То есть – одна мысль и одно чувство.
О недостижимом.
О нём.
Некогда столь реальный для нее «Толик», был теперь лишь малой толикой неутоляющего утоления, лишь эвфемизмом, искусственной кожей, в костюме которой жил для нее и отдавался в её жадное обладание другой  — самый желанный, давно страшащий, неотступный и далекий.
Возлюбленное пугало..........
Вожделенная пища..........               
Незакрывающаяся рана.....


О, как хорошо знакома была ему агоническая близость в письмах.
По этой части он имел большой опыт.
Впрочем, не вполне сходный, – потому что писал он всегда женщинам, уже познавшим его вживе.
Он ласкал и мучил словом женственность не только желавшую и тосковавшую по нему, но уже познавшую его.
А угли, по которым шла теперь Татьяна!........
Шла, уже не чувствуя ожогов.
Шла и боялась сближения.
Шла и желала его всей своей кипящей и ещё не познавшей женственностью.

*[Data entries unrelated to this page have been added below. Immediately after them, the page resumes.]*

(* If $2 \leq a < b$, then $I_{a,b} \leq a^{a+b-2}$.
   Context: $K_{a,b}$ is the complete bipartite graph with partite sets of sizes $a$ and $b$. $I_{a,b}$ denotes the number of isomorphism classes (as unlabeled graphs) of spanning trees of $K_{a,b}$. *)

From mathcomp Require Import all_boot all_fingroup.
Set Implicit Arguments. Unset Strict Implicit. Unset Printing Implicit Defensive.

Definition vert (a b : nat) : finType := ('I_a + 'I_b)%type.

(* A spanning subgraph of K_{a,b} is given by its edge set, a set of pairs
   (i, j) with i in the first part and j in the second part. *)
Definition adj (a b : nat) (T : {set 'I_a * 'I_b}) : rel (vert a b) :=
  fun u v => match u, v with
             | inl i, inr j => (i, j) \in T
             | inr j, inl i => (i, j) \in T
             | _, _ => false
             end.

Definition connected_sub (a b : nat) (T : {set 'I_a * 'I_b}) : bool :=
  [forall u : vert a b, forall v : vert a b, connect (adj T) u v].

(* T is a spanning tree: connected and acyclic, where acyclicity is expressed
   as "every edge is a bridge" (deleting any edge disconnects its endpoints). *)
Definition spanning_tree (a b : nat) (T : {set 'I_a * 'I_b}) : bool :=
  connected_sub T &&
  [forall e in T, ~~ connect (adj (T :\ e)) (inl e.1 : vert a b) (inr e.2)].

(* Isomorphism as unlabeled graphs: a bijection of the vertex set (not
   required to respect the bipartition) carrying edges exactly onto edges. *)
Definition graph_iso (a b : nat) (T1 T2 : {set 'I_a * 'I_b}) : bool :=
  [exists s : {perm vert a b},
     [forall u : vert a b, forall v : vert a b, adj T1 u v == adj T2 (s u) (s v)]].

Definition spanning_trees (a b : nat) : {set {set 'I_a * 'I_b}} :=
  [set T | spanning_tree T].

Definition I_ab (a b : nat) : nat :=
  #|[set [set T' in spanning_trees a b | graph_iso T T'] | T in spanning_trees a b]|.

From mathcomp Require Import all_boot all_fingroup.
Set Implicit Arguments. Unset Strict Implicit. Unset Printing Implicit Defensive.

(* Root a spanning tree T of K_{a,b} at a vertex of the first part and give
   every other vertex a parent, one step closer to the root.  The parent edges
   alone already connect all vertices, and every edge of T is a bridge, so T
   is exactly its set of parent edges: T is determined by the parents of the b
   vertices of the second part (a^b choices) and of the a-1 non-root vertices
   of the first part.  Relabelling the second part gives an isomorphic tree,
   and a suitable relabelling makes the parent of the i-th non-root vertex
   have label < i, which leaves (a-1)! <= a^(a-2) choices for the latter. *)

Section Parent.
Variables (V : finType) (e : rel V) (r : V).
Hypothesis r_connect : forall v, connect e r v.

Definition reachable_in n v :=
  [exists p : n.-tuple V, path e r p && (last r p == v)].

Lemma reachable_in_exists v : exists n, reachable_in n v.
Proof.
have /connectP[p ep ->] := r_connect v.
by exists (size p); apply/existsP; exists (in_tuple p); rewrite /= ep eqxx.
Qed.

Definition depth v := ex_minn (reachable_in_exists v).

Lemma parent_exists v : v != r -> exists w, e w v && (depth w < depth v).
Proof.
rewrite {2}/depth; case: ex_minnP => n.
case/existsP=> -[p /= /eqP <-] /andP[ep /eqP <-] _.
case/lastP: p ep => [|p x]; first by rewrite eqxx.
rewrite rcons_path last_rcons size_rcons => /andP[ep ex] _.
exists (last r p); rewrite ex ltnS /depth; case: ex_minnP => m _ -> //.
by apply/existsP; exists (in_tuple p); rewrite /= ep eqxx.
Qed.

Definition parent v := odflt r [pick w | e w v && (depth w < depth v)].

Lemma parent_spec v : v != r -> e (parent v) v && (depth (parent v) < depth v).
Proof.
move=> vr; rewrite /parent; case: pickP => [w -> //|noparent].
by have [w] := parent_exists vr; rewrite noparent.
Qed.

Lemma parent_connect (e' : rel V) :
  (forall v, v != r -> e' (parent v) v) -> forall v, connect e' r v.
Proof.
move=> e'_parent v; elim: {v}(depth v).+1 {-2}v (ltnSn (depth v)) => // n IHn v.
case: (eqVneq v r) => [-> _|vr lt_v]; first exact: connect0.
apply: connect_trans (connect1 (e'_parent v vr)); apply: IHn.
by case/andP: (parent_spec vr) => _ /leq_trans; apply.
Qed.

End Parent.

Lemma adj_sym a b (T : {set 'I_a * 'I_b}) : symmetric (adj T).
Proof. by case=> [i|j] [i'|j']. Qed.

(* [p] gives the parent of each vertex of the second part, [q] that of each
   vertex of the first part other than the root [i0]; [q i0] is ignored. *)
Definition tree_of a b (i0 : 'I_a) (p : 'I_b -> 'I_a) (q : 'I_a -> 'I_b) :
    {set 'I_a * 'I_b} :=
  [set x | (p x.2 == x.1) || ((x.1 != i0) && (q x.1 == x.2))].

Section SpanningTree.
Variables (a b : nat) (T : {set 'I_a * 'I_b}) (i0 : 'I_a).
Hypothesis treeT : spanning_tree T.

Let root : vert a b := inl i0.

Lemma spanning_tree_connect v : connect (adj T) root v.
Proof. by case/andP: treeT => /forallP/(_ root)/forallP/(_ v). Qed.

Let up := parent spanning_tree_connect.

Lemma adj_up v : v != root -> adj T (up v) v.
Proof. by move/(parent_spec spanning_tree_connect)/andP=> []. Qed.

Lemma spanning_tree_edgeE i j :
  ((i, j) \in T) =
  (up (inr j) == inl i) || ((i != i0) && (up (inl i) == inr j)).
Proof.
apply/idP/idP=> [ijT|]; last first.
  case/orP=> [/eqP up_j | /andP[ii0 /eqP up_i]].
    by have := adj_up (v := inr j) isT; rewrite up_j.
  have : inl i != root by apply: contra ii0 => /eqP[->].
  by move/adj_up; rewrite up_i.
apply/negPn/negP; rewrite negb_or negb_and negbK => /andP[up_j up_i].
case/andP: treeT => _ /forall_inP/(_ _ ijT); apply/negP/negPn.
have up_avoids_ij w : w != root -> adj (T :\ (i, j)) (up w) w.
  move=> wr; have := adj_up wr.
  case: w wr => [i'|j'] wr; case up_w: (up _) => [i2|j2] //= h;
    rewrite !inE h andbT; apply/eqP => -[e1 e2]; subst.
  - by move: up_i; rewrite up_w eqxx orbF => /eqP i_i0; rewrite i_i0 eqxx in wr.
  - by rewrite up_w eqxx in up_j.
have root_connect := parent_connect up_avoids_ij.
apply: connect_trans (root_connect (inr j)).
by rewrite (sym_connect_sym (adj_sym _)).
Qed.

Lemma spanning_tree_of : 0 < b -> exists p q, T = tree_of i0 p q.
Proof.
move=> b_gt0; exists (fun j => if up (inr j) is inl i then i else i0).
exists (fun i => if up (inl i) is inr j then j else Ordinal b_gt0).
apply/setP=> -[i j]; rewrite inE spanning_tree_edgeE /=.
have := adj_up (v := inr j) isT; case: (up (inr j)) => [i' _|//]; congr orb.
case: eqVneq => //= ii0; have : inl i != root by apply: contra ii0 => /eqP[->].
by move/adj_up; case: (up (inl i)).
Qed.

End SpanningTree.

Definition sum_permr_fun (T1 T2 : finType) (s : {perm T2}) (u : T1 + T2) :
    T1 + T2 :=
  if u is inr y then inr (s y) else u.

Lemma sum_permr_inj (T1 T2 : finType) (s : {perm T2}) :
  injective (@sum_permr_fun T1 T2 s).
Proof. by case=> [x|y] [x'|y'] //= [] => // /perm_inj ->. Qed.

Definition sum_permr (T1 T2 : finType) (s : {perm T2}) : {perm T1 + T2} :=
  perm (@sum_permr_inj T1 T2 s).

Lemma graph_iso_relabel a b (T : {set 'I_a * 'I_b}) (s : {perm 'I_b}) :
  graph_iso T [set x | (x.1, (s^-1)%g x.2) \in T].
Proof.
apply/existsP; exists (sum_permr 'I_a s); apply/forallP=> u; apply/forallP=> v.
by rewrite !permE; case: u => [i|j]; case: v => [i'|j'] //=; rewrite inE permK.
Qed.

Lemma graph_iso_sym a b (T1 T2 : {set 'I_a * 'I_b}) :
  graph_iso T1 T2 -> graph_iso T2 T1.
Proof.
case/existsP=> s /forallP iso_s; apply/existsP; exists (s^-1)%g.
apply/forallP=> u; apply/forallP=> v.
by have /forallP/(_ ((s^-1)%g v)) := iso_s ((s^-1)%g u); rewrite !permKV eq_sym.
Qed.

Lemma graph_iso_trans a b (T1 T2 T3 : {set 'I_a * 'I_b}) :
  graph_iso T1 T2 -> graph_iso T2 T3 -> graph_iso T1 T3.
Proof.
case/existsP=> s /forallP iso_s; case/existsP=> t /forallP iso_t.
apply/existsP; exists (s * t)%g; apply/forallP=> u; apply/forallP=> v.
have /forallP/(_ v)/eqP -> := iso_s u.
by have /forallP/(_ (s v)) := iso_t (s u); rewrite !permM.
Qed.

(* [undup] keeps last occurrences, so [rev (undup (rev s))] keeps first ones. *)
Lemma index_undup_rev (T : eqType) (s : seq T) x :
  index x (rev (undup (rev s))) <= index x s.
Proof.
elim/last_ind: s => [|s y IHs] //; rewrite rev_rcons /= -!cats1 index_cat.
have undup_le : size (rev (undup (rev s))) <= size s.
  by rewrite size_rev -(size_rev s) size_undup.
have mem_s : rev (undup (rev s)) =i s.
  by move=> z; rewrite mem_rev mem_undup mem_rev.
case: ifP => _; rewrite ?rev_cons -?cats1 ?index_cat ?mem_s;
  case: ifP => // x_s.
- by rewrite memNindex ?mem_s ?x_s // (leq_trans undup_le) ?leq_addr.
- by rewrite leq_add2r.
Qed.

Lemma exists_relabel_le m n (f : 'I_n -> 'I_m) :
  exists s : {perm 'I_m}, forall i, s (f i) <= i.
Proof.
(* Rank the labels by first occurrence in [f 0, f 1, ...], then the rest. *)
pose l := rev (undup (rev (map f (enum 'I_n) ++ enum 'I_m))).
have l_enum : perm_eq l (enum 'I_m).
  apply: uniq_perm; rewrite ?rev_uniq ?undup_uniq ?enum_uniq // => j.
  by rewrite mem_rev mem_undup mem_rev mem_cat mem_enum orbT.
have mem_l j : j \in l by rewrite (perm_mem l_enum) mem_enum.
have index_lt j : index j l < m.
  by rewrite -[m in _ < m]size_enum_ord -(perm_size l_enum) index_mem.
have rank_inj : injective (fun j => Ordinal (index_lt j)).
  by move=> j k [] /index_inj; apply.
exists (perm rank_inj) => i; rewrite permE /=.
apply: leq_trans (index_undup_rev _ _) _; rewrite index_cat map_f ?mem_enum //.
have nth_fi : nth (f i) (map f (enum 'I_n)) i = f i.
  by rewrite (nth_map i) ?nth_ord_enum // size_enum_ord.
by rewrite -{1}nth_fi index_nth // size_map size_enum_ord.
Qed.

Definition bounded_maps n m : {set {ffun 'I_n -> 'I_m}} :=
  [set q | q \in family (fun i : 'I_n => [pred j : 'I_m | j <= i.-1])].

Lemma card_bounded_maps n m : #|bounded_maps n.+1 m| <= n`!.
Proof.
rewrite cardsE card_family foldrE big_map big_enum /=.
apply: (@leq_trans (\prod_(i < n.+1) i.-1.+1)).
  apply: leq_prod => i _; rewrite -[i.-1.+1]card_ord.
  apply: (leq_card_in (fun j : 'I_m => inord j)) => j k j_le k_le.
  by move/(congr1 (@nat_of_ord _)); rewrite !inordK //; apply: val_inj.
by rewrite big_ord_recl mul1n fact_prod big_add1 big_mkord.
Qed.

Lemma fact_leq_exp_pred n : n`! <= n.+1 ^ n.-1.
Proof.
elim: n => [|[|n] IHn] //; rewrite factS expnS leq_mul //.
by case: n IHn => [|n] IHn //; rewrite (leq_trans IHn) // leq_exp2r.
Qed.

Definition tree_codes A b :=
  setX [set: {ffun 'I_b -> 'I_A.+1}] (bounded_maps A.+1 b).

Lemma spanning_tree_iso_code A b (T : {set 'I_A.+1 * 'I_b}) :
    0 < b -> spanning_tree T ->
  exists2 c, c \in tree_codes A b & graph_iso T (tree_of ord0 c.1 c.2).
Proof.
move=> b_gt0 treeT; have [p [q ->]] := spanning_tree_of ord0 treeT b_gt0.
have [s s_le] := exists_relabel_le (fun k : 'I_A => q (lift ord0 k)).
exists ([ffun j => p ((s^-1)%g j)],
        [ffun i => if i == ord0 then Ordinal b_gt0 else s (q i)]).
  rewrite !inE; apply/familyP=> i; rewrite inE ffunE.
  by case: (unliftP ord0 i) => [k ->|->] //=; rewrite (negbTE (neq_lift _ _)).
have -> : tree_of ord0 [ffun j => p ((s^-1)%g j)]
    [ffun i => if i == ord0 then Ordinal b_gt0 else s (q i)] =
  [set x | (x.1, (s^-1)%g x.2) \in tree_of ord0 p q].
  apply/setP=> -[i j]; rewrite !inE /= !ffunE; congr orb.
  by case: eqVneq => //= _; rewrite -{1}[j](permKV s) (inj_eq perm_inj).
exact: graph_iso_relabel.
Qed.

Definition iso_class a b (T : {set 'I_a * 'I_b}) : {set {set 'I_a * 'I_b}} :=
  [set T' in spanning_trees a b | graph_iso T T'].

Lemma iso_class_eq a b (T1 T2 : {set 'I_a * 'I_b}) :
  graph_iso T1 T2 -> iso_class T1 = iso_class T2.
Proof.
move=> iso12; apply/setP=> T; rewrite !inE; congr (_ && _).
by apply/idP/idP; apply: graph_iso_trans => //; apply: graph_iso_sym.
Qed.

Lemma I_ab_leq_codes A b : 0 < b -> I_ab A.+1 b <= #|tree_codes A b|.
Proof.
move=> b_gt0.
change (#|@iso_class A.+1 b @: spanning_trees A.+1 b| <= #|tree_codes A b|).
pose code_class (c : {ffun 'I_b -> 'I_A.+1} * {ffun 'I_A.+1 -> 'I_b}) :=
  iso_class (tree_of ord0 c.1 c.2).
apply: (leq_trans _ (leq_imset_card code_class (tree_codes A b))).
apply/subset_leq_card/subsetP=> C /imsetP[T]; rewrite inE => treeT ->.
have [c code_c iso_Tc] := spanning_tree_iso_code b_gt0 treeT.
by apply/imsetP; exists c => //; apply: iso_class_eq.
Qed.

Theorem theorem2p6 (a b : nat) : 2 <= a -> a < b -> I_ab a b <= a ^ (a + b - 2).
Proof.
case: a => [|A] //; case: b => [|B] // A_gt0 _.
apply: leq_trans (I_ab_leq_codes A (ltn0Sn B)) _.
rewrite cardsX cardsT card_ffun !card_ord.
apply: leq_trans (leq_mul (leqnn _) (card_bounded_maps A B.+1)) _.
apply: leq_trans (leq_mul (leqnn _) (fact_leq_exp_pred A)) _.
by rewrite -expnD addSn -addnS (prednK A_gt0) addSn addnS subn2 /= addnC.
Qed.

......с вывернутыми за спину руками....
.........под конвоем одного чувства: «Не могу больше! Хочу тебя всего!...»
............и одной мысли: «А что, если я не такая?! Что, если он не вспыхнет?!»

Он и сам боялся.
А что, если она не такая?!
Легко было Гале экономить лебединость, когда он уже расплавился в горниле сладкого нетерпения, уже отыскал глазами неотразимость в ее длинном, плавном теле, уже принял, как дар, обезоруживающую власть над собой ее женственности, уже желал от неё всего...
.................всего.................................. даже сына.

Но Татьяна не была дана ему, как дар обезоруживающей плоти.
Он понимал это и, страшась разочарования, сдерживал своё мужское воображение.
Татьяна тоже  понимала, тоже страшилась... но она ещё и любила, то есть была слабее своей кипящей женственности, которая непреклонно требует этого...этого однажды благословенного и с тех пор трижды проклятого соединения во «плоть едину». Она раздевала перед ним своё прошлое, верней, одевалась в себя прошлую, – самую лихорадочную, самую несдержанную, – чтобы, мысленно подменив на сердечной сцене героя, пережить с ним хоть в пьесе воображения то, что давно уже сделалось её повседневным наваждением,
..........................счастьем ожидания....
..............пыткой ожидания....
......жизнью ожидания....
Ей уже не хватало прежних интимных обращений к нему, а большего...более беззастенчивого она не решалась сказать прямо... не смела изречь нагую правду желаний, чёрным по белому связать с его именем жажду омовения и
самозабвения в сладком каннибальстве.
И поэтому она рассказывала...рассказывала ему...какая она, как горячо может быть её женское воление, как стремительна и неудержима инициатива её чувственности......
.........расска...зывала..... и  ........  ...унимая дрожь колен.....заглушая уханье сердца     .................надеялась..........  ......  ..страстно...   ...........  .....................отчаянно надеялась... ......он услышит...  ...........поймёт... .... он почувствует, что   это с ним она... хочет и может быть такой.........это с ним и только с ним желает она «вся превратиться в один боль...шой рот»...................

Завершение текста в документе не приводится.